═══ Data for processing

(* For a single parity-check (SPC) product code, the erasure probability of the first decoded information bit under successive cancellation (SC) decoding is equal to the erasure probability of each information bit under Elias' decoding.
   Context: Consider an $m$-dimensional $(n,k)$ systematic single parity-check (SPC) product code, i.e., a product code whose $\ell$-th component code, $\ell=1,\dots,m$, is an $(n_\ell,n_\ell-1)$ SPC code, so that $n=\prod_{\ell}n_\ell$ and $k=\prod_\ell (n_\ell-1)$. Transmission takes place over the binary erasure channel BEC($\epsilon_{\mathrm{ch}}$). The information bits are $u_1,\dots,u_k$. Under successive cancellation (SC) decoding, the bits are decoded in the order $i=1,\dots,k$, the decision on $u_i$ being based on the channel output and on the decisions for $u_1,\dots,u_{i-1}$ (the likelihoods are computed recursively over the dimensions, as for a polar code built from kernels whose first row is $(1,0,\dots,0)$ and whose remaining rows are $(1\,|\,\text{identity})$); over the BEC the decoder outputs an erasure in case of a tie. Under Elias' decoding, the product code is decoded as a serial concatenation, component codes of the first dimension first up to the last dimension in one sweep, and the likelihood of each $u_i$ is computed without using decisions on any other information bit (so all bits are decoded in parallel); over the BEC it also outputs an erasure on ties. With genie-aided knowledge of the preceding bits, the SC erasure probability $\epsilon^{(i)}_{\boldsymbol{G}^{[m]}}$ of bit $i$ obeys $\epsilon^{(i)}_{\boldsymbol{G}^{[m]}}=\epsilon^{(j+1)}_{\boldsymbol{G}^{[m-1]}}\bigl(1-(1-\epsilon^{(j+1)}_{\boldsymbol{G}^{[m-1]}})^{n_m-t}\bigr)$ with $j=\lfloor (i-1)/k_m\rfloor$, $t=((i-1)\bmod k_m)+1$, $k_m=n_m-1$, starting from $\epsilon_{\mathrm{ch}}$ at dimension $0$. *)

From HB Require Import structures.
From mathcomp Require Import all_boot all_order all_algebra.
Set Implicit Arguments. Unset Strict Implicit. Unset Printing Implicit Defensive.
Import Order.TTheory GRing.Theory Num.Theory.
Local Open Scope ring_scope.

(* Dimensions are indexed 0..m-1 (dimension l+1 of the paper is index l);
   the component code of index l is the (n l, n l - 1) SPC code.
   Information positions: all coordinates < n l - 1 (systematic part). *)
Definition Pos (m : nat) (n : nat -> nat) := {dffun forall l : 'I_m, 'I_(n l)}.

Definition info_pos m n (p : Pos m n) : bool :=
  [forall l : 'I_m, (val (p l) < (n l).-1)%N].

Definition same_line m n (l : 'I_m) (p q : Pos m n) : bool :=
  [forall l' : 'I_m, (l' != l) ==> (p l' == q l')].

(* One step of Elias' decoding over the BEC: all SPC component codes of
   dimension l are decoded (APP/extrinsic, no use of other bit decisions);
   a symbol stays erased iff it was erased and some other symbol of its
   dimension-l line was erased. *)
Definition elias_step m n (l : 'I_m) (E : {set Pos m n}) : {set Pos m n} :=
  [set p in E | [exists q in E, (q != p) && same_line l p q]].

(* Elias' decoding: one sweep over dimensions 1..m; E = set of channel erasures;
   result = set of positions decoded as erasures. *)
Definition elias m n (E : {set Pos m n}) : {set Pos m n} :=
  foldl (fun E' l => elias_step l E') E (enum 'I_m).

Definition elias_erasure_prob (R : ringType) m n (eps : R) (p : Pos m n) : R :=
  \sum_(E : {set Pos m n} | p \in elias E)
     eps ^+ #|E| * (1 - eps) ^+ (#|{: Pos m n}| - #|E|).

(* Genie-aided SC erasure probability eps^{(i)}_{G^[m]} of bit i (1-based),
   given by the recursion over dimensions, starting from eps at dimension 0. *)
Fixpoint sc_eps (R : ringType) (n : nat -> nat) (eps : R) (m i : nat) : R :=
  match m with
  | 0 => eps
  | m'.+1 =>
      let km := (n m').-1 in
      let j := ((i.-1) %/ km)%N in
      let t := (((i.-1) %% km).+1)%N in
      let e := sc_eps n eps m' j.+1 in
      e * (1 - (1 - e) ^+ (n m' - t))
  end.
Definition inj_le (A B : Type) : Prop :=
  exists f : A -> B, forall x y, f x = f y -> x = y.
Definition card_lt (A B : Type) : Prop := inj_le A B /\ ~ inj_le B A.

(** * The cardinal kappa, presented as a well-ordered type (K, ltK)
    whose proper initial segments all have smaller cardinality, i.e.
    (K, ltK) is (isomorphic to) the initial ordinal kappa. *)
Section Kappa.
Variables (K : Type) (ltK : K -> K -> Prop).

Definition seg (a : K) : Type := {b : K | ltK b a}.

Definition strict_wellorder : Prop :=
  well_founded ltK /\
  (forall a b c, ltK a b -> ltK b c -> ltK a c) /\
  (forall a b, ltK a b \/ a = b \/ ltK b a).

Definition initial_ordinal : Prop := forall a, ~ inj_le K (seg a).

Definition uncountable : Prop := ~ inj_le K nat.

Definition regular : Prop :=
  forall S : K -> Prop, card_lt {x | S x} K -> exists a, forall x, S x -> ltK x a.

(** kappa^{<kappa} = kappa : kappa^gamma <= kappa for every gamma < kappa
    (the cardinals < kappa are exactly the |seg a|) *)
Definition kappa_lt_kappa_eq : Prop := forall a, inj_le (seg a -> K) K.

Definition pow_omega_below : Prop := forall a, card_lt (nat -> seg a) K.
Lemma block_state_unc x P : partition x [set: 'I_n] -> P \in x -> Dunc x (block_state P).
Proof.
move=> px Px; split.
  by apply: diag_op_density; [exact: mix2_ge0 | exact: mix2_sum].
exists (fun X => diag_op (mix2 (res X (bits set0)) (res X (bits P)))); split.
  by move=> X _; apply: diag_op_density; [exact: mix2_ge0 | exact: mix2_sum].
move=> a b; rewrite prod_diag_op // /block_state /diag_op; congr (_ * _).
rewrite (mix2_prod _ _ px Px) => [//|X Xx XP]; rewrite res_bits_disjoint //.
by have /and3P[_ /trivIsetP tx _] := px; apply: tx.
Qed.

(* In a product state the diagonal entries at [bits] indices factor block by block, and
   splitting [S] along a block [V] only permutes the factors. *)
Lemma prod_state_split_bits v (fam : forall W, op C d W) (rho : op C d [set: 'I_n]) S V :
  partition v [set: 'I_n] -> V \in v ->
  (forall a b, rho a b = \prod_(W in v) fam W (res W a) (res W b)) ->
  rho (bits set0) (bits set0) * rho (bits S) (bits S) =
  rho (bits (S :&: V)) (bits (S :&: V)) * rho (bits (S :\: V)) (bits (S :\: V)).
Proof.
move=> /and3P[_ /trivIsetP tv _] Vv rho_prod.
rewrite !rho_prod -!big_split; apply: eq_bigr => W Wv /=.
have [->|WV] := eqVneq W V.
  rewrite (@res_bits V (S :&: V) S) ?(@res_bits V (S :\: V) set0) 1?mulrC //.
    by apply/setP => k; rewrite !inE; case: (k \in V); rewrite ?andbF.
  by rewrite -setIA setIid.
have /setP WV0 := disjoint_setI0 (tv _ _ Wv Vv WV).
rewrite (@res_bits W (S :&: V) set0) ?(@res_bits W (S :\: V) S) //.
  by apply/setP => k; have := WV0 k; rewrite !inE; case: (k \in S); case: (k \in V); case: (k \in W).
by apply/setP => k; have := WV0 k; rewrite !inE; case: (k \in S); case: (k \in V); case: (k \in W).
Qed.

(* If [P] met two blocks, the split identity would equate [1/4] with [0]. *)
Lemma block_state_unc_pblock v P i :
  partition v [set: 'I_n] -> Dunc v (block_state P) -> i \in P -> P \subset pblock v i.
Proof.
move=> pv [_ [fam [_ rho_prod]]] iP; apply/subsetP => k kP; apply: contraT => kV.
have /and3P[/eqP covv _ _] := pv.
have Vv : pblock v i \in v by apply: pblock_mem; rewrite covv inE.
have iV : i \in pblock v i by rewrite mem_pblock covv inE.
have := prod_state_split_bits P pv Vv rho_prod.
set V := pblock v i in kV Vv iV *.
have /negbTE P0 : bits P != bits set0 by apply: (bits_neq (i := i)); rewrite ?inE.
have /negbTE PV0 : bits (P :&: V) != bits set0 by apply: (bits_neq (i := i)); rewrite ?inE ?iP.
have /negbTE PVP : bits (P :&: V) != bits P.
  by rewrite eq_sym; apply: (bits_neq (i := k)); rewrite // inE (negbTE kV) andbF.
rewrite /block_state /diag_op /mix2 !eqxx P0 (eq_sym (bits set0)) P0 PV0 PVP => /eqP.
by rewrite !(mul0r, mul1r, addr0, add0r) mulf_eq0 orbb invr_eq0 pnatr_eq0.
Qed.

══════

Task to carry out: Wherever the line holding "partition v [set: 'I_n] -> Dunc" falls in the entries above, copy exactly from it through the line holding "by rewrite eq_sym;", inclusive, and add nothing.

Result below:
  partition v [set: 'I_n] -> Dunc v (block_state P) -> i \in P -> P \subset pblock v i.
Proof.
move=> pv [_ [fam [_ rho_prod]]] iP; apply/subsetP => k kP; apply: contraT => kV.
have /and3P[/eqP covv _ _] := pv.
have Vv : pblock v i \in v by apply: pblock_mem; rewrite covv inE.
have iV : i \in pblock v i by rewrite mem_pblock covv inE.
have := prod_state_split_bits P pv Vv rho_prod.
set V := pblock v i in kV Vv iV *.
have /negbTE P0 : bits P != bits set0 by apply: (bits_neq (i := i)); rewrite ?inE.
have /negbTE PV0 : bits (P :&: V) != bits set0 by apply: (bits_neq (i := i)); rewrite ?inE ?iP.
have /negbTE PVP : bits (P :&: V) != bits P.
  by rewrite eq_sym; apply: (bits_neq (i := k)); rewrite // inE (negbTE kV) andbF.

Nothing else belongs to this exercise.